**Exercise objective**:
Extract every line of the material that holds the string "fieldType".

========

(* Let $A$ be a non-abelian subalgebra of the matrix metabelian Lie algebra $M_{I,\Lambda}$. Then $\mathrm{Fit}(A)=\{(f,u)\in A : f=0\}$.
   Context: For sets $I,\Lambda$ and a field $k$, let $R=k[x_\alpha:\alpha\in\Lambda]$ and $T$ the free $R$-module with basis $\{u_i:i\in I\}$. $M_{I,\Lambda}$ is the set of pairs $(f,u)$, $f\in R$, $u\in T$ (matrices $\begin{pmatrix} f&u\\0&0\end{pmatrix}$), with componentwise addition and scalar multiplication and product $(f,u)\circ(g,v)=(0,ug-vf)$; it is a metabelian Lie $k$-algebra. $\mathrm{Fit}(A)$ is the ideal of $A$ generated by all elements lying in nilpotent ideals of $A$. *)

From HB Require Import structures.
From mathcomp Require Import all_boot all_algebra.
From mathcomp.multinomials Require Import monalg.
Set Implicit Arguments. Unset Strict Implicit. Unset Printing Implicit Defensive.
Import GRing.Theory.
Local Open Scope ring_scope.

(* R = k[x_a : a in Lam]  : monoid algebra of commutative monomials over Lam *)
Definition Rpoly (k : fieldType) (Lam : choiceType) := {malg k[{cmonom Lam}]}.
(* T = free R-module with basis {u_i : i in I} (finitely supported I -> R) *)
Definition Tmod (k : fieldType) (Lam I : choiceType) := {malg (Rpoly k Lam)[I]}.

Section MatrixMetabelian.
Variables (k : fieldType) (Lam I : choiceType).
Local Notation R := (Rpoly k Lam).
Local Notation T := (Tmod k Lam I).

(* elements (f,u) of M_{I,Lam} *)
Definition Mel := (R * T)%type.
Definition mzero : Mel := (0, 0).
Definition madd (p q : Mel) : Mel := (p.1 + q.1, p.2 + q.2).
Definition mscale (c : k) (p : Mel) : Mel := (c *: p.1, (c%:A : R) *: p.2).
Definition mbr (p q : Mel) : Mel := (0, q.1 *: p.2 - p.1 *: q.2).

Definition subspace (W : Mel -> Prop) : Prop :=
  [/\ W mzero, (forall x y, W x -> W y -> W (madd x y))
    & (forall c x, W x -> W (mscale c x))].

Definition subalgebra (A : Mel -> Prop) : Prop :=
  subspace A /\ (forall x y, A x -> A y -> A (mbr x y)).

Definition non_abelian (A : Mel -> Prop) : Prop :=
  exists x y, [/\ A x, A y & mbr x y <> mzero].

Definition span (S : Mel -> Prop) : Mel -> Prop :=
  fun v => forall W, subspace W -> (forall x, S x -> W x) -> W v.

Definition brack (J K : Mel -> Prop) : Mel -> Prop :=
  span (fun v => exists x y, [/\ J x, K y & v = mbr x y]).

(* lower central series of J: J^1 = J, J^{n+1} = [J, J^n] *)
Fixpoint lcs (J : Mel -> Prop) (n : nat) : Mel -> Prop :=
  match n with
  | O => J
  | S m => brack J (lcs J m)
  end.

Definition nilpotent (J : Mel -> Prop) : Prop :=
  exists n, forall v, lcs J n v -> v = mzero.

Definition ideal_of (A J : Mel -> Prop) : Prop :=
  [/\ subspace J, (forall x, J x -> A x)
    & (forall a x, A a -> J x -> J (mbr a x))].

Definition Fit (A : Mel -> Prop) : Mel -> Prop :=
  fun v => forall J, ideal_of A J ->
    (forall N x, ideal_of A N -> nilpotent N -> N x -> J x) -> J v.

End MatrixMetabelian.

From Pilot Require Import Defs.
From HB Require Import structures.
From mathcomp Require Import all_boot all_algebra finmap.
From mathcomp.multinomials Require Import mpoly monalg.
Set Implicit Arguments. Unset Strict Implicit. Unset Printing Implicit Defensive.
Import GRing.Theory.
Local Open Scope ring_scope.

(* Bracketing with [x = (f, v)] sends [(0, u)] to [(0, -f u)].  Since [k[x_a]]
   is a domain and [T] is free, this is injective when [f != 0], so iterated
   brackets with such an [x] never vanish on a nonzero [(0, u)]; as [A] is not
   abelian, [x] produces such an element inside any ideal containing it, so
   [x] lies in no nilpotent ideal.  Conversely [{(0, u)} ∩ A] is an abelian,
   hence nilpotent, ideal. *)

Section RestrictVariables.
Variables (R : idomainType) (Lam : choiceType) (n : nat) (t : n.-tuple Lam).

(* Evaluating at the variables listed in [t] maps [R[x_a : a in Lam]] into the
   polynomial ring [R[x_1, ..., x_n]], which mpoly already knows is a domain. *)
Definition cmonom_restr (m : cmonom Lam) : mpoly.multinom n :=
  mpoly.Multinom [tuple m (tnth t i) | i < n].

Lemma cmonom_restrE m i : mpoly.fun_of_multinom (cmonom_restr m) i = m (tnth t i).
Proof. by rewrite /cmonom_restr mpoly.multinomE tnth_mktuple. Qed.

Lemma cmonom_restr_inj (m1 m2 : cmonom Lam) :
  {subset finsupp m1 <= t} -> {subset finsupp m2 <= t} ->
  cmonom_restr m1 = cmonom_restr m2 -> m1 = m2.
Proof.
move=> sub1 sub2 eq12; apply/eqP/cmP => x.
have [xt|xNt] := boolP (x \in t).
  have x_lt : (index x t < n)%N by rewrite -{2}(size_tuple t) index_mem.
  have <- : tnth t (Ordinal x_lt) = x by rewrite (tnth_nth x) /= nth_index.
  by rewrite -!cmonom_restrE eq12.
rewrite !fsfun_dflt //; apply/negP.
  by move/sub2; rewrite (negbTE xNt).
by move/sub1; rewrite (negbTE xNt).
Qed.

Definition monom_restr (m : cmonom Lam) : mpoly.mpoly n R :=
  mpoly.mpolyX R (cmonom_restr m).

Lemma monom_restr_is_multiplicative :
  @mmorphism (cmonom Lam : monomType) (mpoly.mpoly n R) monom_restr.
Proof.
split=> [m1 m2|]; rewrite /monom_restr.
  rewrite -mpoly.mpolyXD; congr mpoly.mpolyX.
  by apply/mpoly.mnmP => i; rewrite mpoly.mnmDE !cmonom_restrE mulcmE.
rewrite -(mpoly.mpolyX0 n R); congr mpoly.mpolyX.
by apply/mpoly.mnmP => i; rewrite mpoly.mnm0E cmonom_restrE onecmE.
Qed.

HB.instance Definition _ := isMultiplicative.Build (cmonom Lam) (mpoly.mpoly n R)
  monom_restr monom_restr_is_multiplicative.

Definition malg_restr (f : {malg R[cmonom Lam]}) : mpoly.mpoly n R :=
  mmap (mpoly.mpolyC n (R:=R)) monom_restr f.

Lemma malg_restrM f g : malg_restr (f * g) = malg_restr f * malg_restr g.
Proof. exact: rmorphM. Qed.

Lemma mcoeff_malg_restr (f : {malg R[cmonom Lam]}) M : M \in msupp f ->
  {in msupp f, forall m, cmonom_restr m = cmonom_restr M -> m = M} ->
  mpoly.mcoeff (cmonom_restr M) (malg_restr f) = mcoeff M f.
Proof.
move=> fM inj; rewrite /malg_restr mmapE raddf_sum /=.
rewrite (bigD1_seq M) //= big1_seq ?addr0.
  by rewrite /monom_restr mpoly.mcoeffCM mpoly.mcoeffX eqxx mulr1.
move=> m /andP[mNM fm]; rewrite /monom_restr mpoly.mcoeffCM mpoly.mcoeffX.
case: eqP => [/(inj _ fm) eqmM|_]; last by rewrite mulr0.
by rewrite eqmM eqxx in mNM.
Qed.

Lemma malg_restr_neq0 (f : {malg R[cmonom Lam]}) : f != 0 ->
  (forall m, m \in msupp f -> {subset finsupp m <= t}) -> malg_restr f != 0.
Proof.
move=> nz_f f_in_t; have /fset0Pn[M fM] : msupp f != fset0 by rewrite msupp_eq0.
have coefM : mpoly.mcoeff (cmonom_restr M) (malg_restr f) = mcoeff M f.
  by apply: mcoeff_malg_restr => // m fm; apply: cmonom_restr_inj; apply: f_in_t.
apply: contraTneq fM => restr_f0.
by rewrite -mcoeff_neq0 -coefM restr_f0 mpoly.mcoeff0 eqxx.
Qed.

End RestrictVariables.

Definition malg_vars (R : nzRingType) (Lam : choiceType) (f : {malg R[cmonom Lam]}) :
    seq Lam :=
  flatten [seq (finsupp (cmonom_val m) : seq Lam) | m <- (msupp f : seq _)].

Lemma mem_malg_vars (R : nzRingType) (Lam : choiceType) (f : {malg R[cmonom Lam]})
    (m : cmonom Lam) :
  m \in msupp f -> {subset finsupp m <= malg_vars f}.
Proof.
move=> fm x mx; apply/flattenP.
by exists (finsupp (cmonom_val m) : seq Lam) => //; apply: map_f.
Qed.

Lemma cmalg_mulf_neq0 (R : idomainType) (Lam : choiceType) (f g : {malg R[cmonom Lam]}) :
  f != 0 -> g != 0 -> f * g != 0.
Proof.
move=> nz_f nz_g; pose t := in_tuple (malg_vars f ++ malg_vars g).
apply: contra_neq (mulf_neq0 (malg_restr_neq0 (t := t) nz_f _)
                             (malg_restr_neq0 (t := t) nz_g _)) => [fg0||].
- by rewrite -malg_restrM fg0 /malg_restr raddf0.
- by move=> m fm x /(mem_malg_vars fm) fx; rewrite mem_cat fx.
- by move=> m gm x /(mem_malg_vars gm) gx; rewrite mem_cat gx orbT.
Qed.

Lemma cmalg_lreg (R : idomainType) (Lam : choiceType) (f : {malg R[cmonom Lam]}) :
  f != 0 -> GRing.lreg f.
Proof.
move=> nz_f g h /eqP; rewrite -subr_eq0 -mulrBr; apply: contraTeq => ngh.
by rewrite cmalg_mulf_neq0 // subr_eq0.
Qed.

Lemma lreg_malgZ_eq0 (S : nzRingType) (K : choiceType) (c : S) (w : {malg S[K]}) :
  GRing.lreg c -> c *: w = 0 -> w = 0.
Proof.
move=> reg_c cw0; apply/malgP => x; apply: reg_c.
by rewrite -mcoeffZ cw0 mcoeff0 mulr0.
Qed.

Lemma scale_jacobi (R : comPzRingType) (V : lmodType R) (f g h : R) (u v w : V) :
  h *: (g *: u - f *: v) = g *: (h *: u - f *: w) - f *: (h *: v - g *: w).
Proof.
rewrite !scalerBr !scalerA [h * g]mulrC [h * f]mulrC [g * f]mulrC.
by rewrite opprB addrA subrK.
Qed.

Section MatrixMetabelian.
Variables (k : fieldType) (Lam I : choiceType).
Local Notation Mel := (Mel k Lam I).
Local Notation mzero := (mzero k Lam I).

Lemma Tmod_scale_eq0 (f : Rpoly k Lam) (u : Tmod k Lam I) :
  f != 0 -> f *: u = 0 -> u = 0.
Proof. by move/cmalg_lreg; apply: lreg_malgZ_eq0. Qed.

Lemma scale_mbr (a b x : Mel) :
  x.1 *: (mbr a b).2 = b.1 *: (mbr a x).2 - a.1 *: (mbr b x).2.
Proof. exact: scale_jacobi. Qed.

Lemma mbr_fst0 (x y : Mel) : x.1 = 0 -> y.1 = 0 -> mbr x y = mzero.
Proof. by rewrite /mbr => -> ->; rewrite !scale0r subrr. Qed.

Lemma mbr_fst0r (x w : Mel) : w.1 = 0 -> mbr x w = (0, - (x.1 *: w.2)).
Proof. by rewrite /mbr => ->; rewrite scale0r sub0r. Qed.

Lemma subspace_zero : subspace (fun q : Mel => q = mzero).
Proof.
split=> [//|x y -> ->|c x ->]; congr (_, _).
- exact: addr0.
- exact: addr0.
- exact: scaler0.
- exact: scaler0.
Qed.

Lemma span_eq0 (S : Mel -> Prop) :
  (forall x, S x -> x = mzero) -> forall v, Defs.span S v -> v = mzero.
Proof. by move=> S0 v /(_ (fun q => q = mzero)); apply; [exact: subspace_zero|]. Qed.

Lemma brack_mbr (J K : Mel -> Prop) x y : J x -> K y -> brack J K (mbr x y).
Proof. by move=> Jx Ky W _; apply; exists x, y. Qed.

Lemma lcs_iter_mbr (N : Mel -> Prop) x w j :
  N x -> N w -> lcs N j (iter j (mbr x) w).
Proof. by move=> Nx Nw; elim: j => [|j IHj] //=; apply: brack_mbr. Qed.

Lemma iter_mbr (x w : Mel) j :
  w.1 = 0 -> iter j (mbr x) w = (0, (- x.1) ^+ j *: w.2).
Proof.
case: w => w1 w2 w10; elim: j => [|j IHj]; first by rewrite expr0 scale1r -w10.
rewrite iterS IHj mbr_fst0r; last by [].
by rewrite exprS -scalerA scaleNr.
Qed.

Definition ker_fst (A : Mel -> Prop) : Mel -> Prop := fun p => A p /\ p.1 = 0.

Lemma ideal_ker_fst (A : Mel -> Prop) : subalgebra A -> ideal_of A (ker_fst A).
Proof.
move=> [[A0 AD AZ] Abr]; split=> [|x []//|a x Aa [Ax _]]; last by split; [exact: Abr|].
split=> [//|x y [Ax x1] [Ay y1]|c x [Ax x1]]; split.
- exact: AD.
- by change (x.1 + y.1 = 0); rewrite x1 y1 addr0.
- exact: AZ.
- by change (c *: x.1 = 0); rewrite x1 scaler0.
Qed.

Lemma nilpotent_fst0 (J : Mel -> Prop) : (forall x, J x -> x.1 = 0) -> nilpotent J.
Proof.
move=> J1; exists 1%N; apply: span_eq0 => _ [x [y [Jx Jy ->]]].
by apply: mbr_fst0; apply: J1.
Qed.

Lemma nilpotent_snd_eq0 (N : Mel -> Prop) x w :
  nilpotent N -> N x -> N w -> x.1 != 0 -> w.1 = 0 -> w.2 = 0.
Proof.
move=> [n Nn] Nx Nw nz_x1 w1; have := Nn _ (lcs_iter_mbr n Nx Nw).
rewrite iter_mbr // => -[].
exact/lreg_malgZ_eq0/lregX/lregN/cmalg_lreg.
Qed.

Lemma commute_mbr_eq0 (a b x : Mel) :
  x.1 != 0 -> (mbr a x).2 = 0 -> (mbr b x).2 = 0 -> mbr a b = mzero.
Proof.
move=> nz_x1 ax bx; have ab2 : (mbr a b).2 = 0.
  apply: (Tmod_scale_eq0 nz_x1).
  (* Unrestricted rewriting with [ax] unfolds the malg operations while
     matching and does not terminate in reasonable time. *)
  rewrite scale_mbr [X in _ *: X - _]ax [X in _ - _ *: X]bx.
  by rewrite !scaler0 subrr.
by rewrite [mbr a b]surjective_pairing [X in (_, X)]ab2.
Qed.

Lemma nilpotent_ideal_fst0 (A N : Mel -> Prop) x :
  non_abelian A -> ideal_of A N -> nilpotent N -> N x -> x.1 = 0.
Proof.
move=> [a [b [Aa Ab nab]]] [_ _ Nbr] nilN Nx; apply/eqP/negPn/negP => nz_x1.
have snd0 c : A c -> (mbr c x).2 = 0.
  move=> Ac; exact: (nilpotent_snd_eq0 nilN Nx (Nbr _ _ Ac Nx) nz_x1 (erefl _)).
by apply/nab/(commute_mbr_eq0 nz_x1); apply: snd0.
Qed.

End MatrixMetabelian.

Theorem lemma3p1p1 (k : fieldType) (Lam I : choiceType)
    (A : Mel k Lam I -> Prop) :
  subalgebra A -> non_abelian A ->
  forall p : Mel k Lam I, Fit A p <-> (A p /\ p.1 = 0).
Proof.
move=> subA nabA p; split=> [Fit_p|ker_p J _ J_nil].
- apply: (Fit_p (ker_fst A)); first exact: ideal_ker_fst.
  move=> N x idN nilN Nx; split; first by case: idN => _ NA _; apply: NA.
  exact: nilpotent_ideal_fst0 nabA idN nilN Nx.
- apply: (J_nil (ker_fst A)) ker_p; first exact: ideal_ker_fst.
  by apply: nilpotent_fst0 => x [].
Qed.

========

**Exercise response**:
Definition Rpoly (k : fieldType) (Lam : choiceType) := {malg k[{cmonom Lam}]}.
Definition Tmod (k : fieldType) (Lam I : choiceType) := {malg (Rpoly k Lam)[I]}.
Variables (k : fieldType) (Lam I : choiceType).
Variables (k : fieldType) (Lam I : choiceType).
Theorem lemma3p1p1 (k : fieldType) (Lam I : choiceType)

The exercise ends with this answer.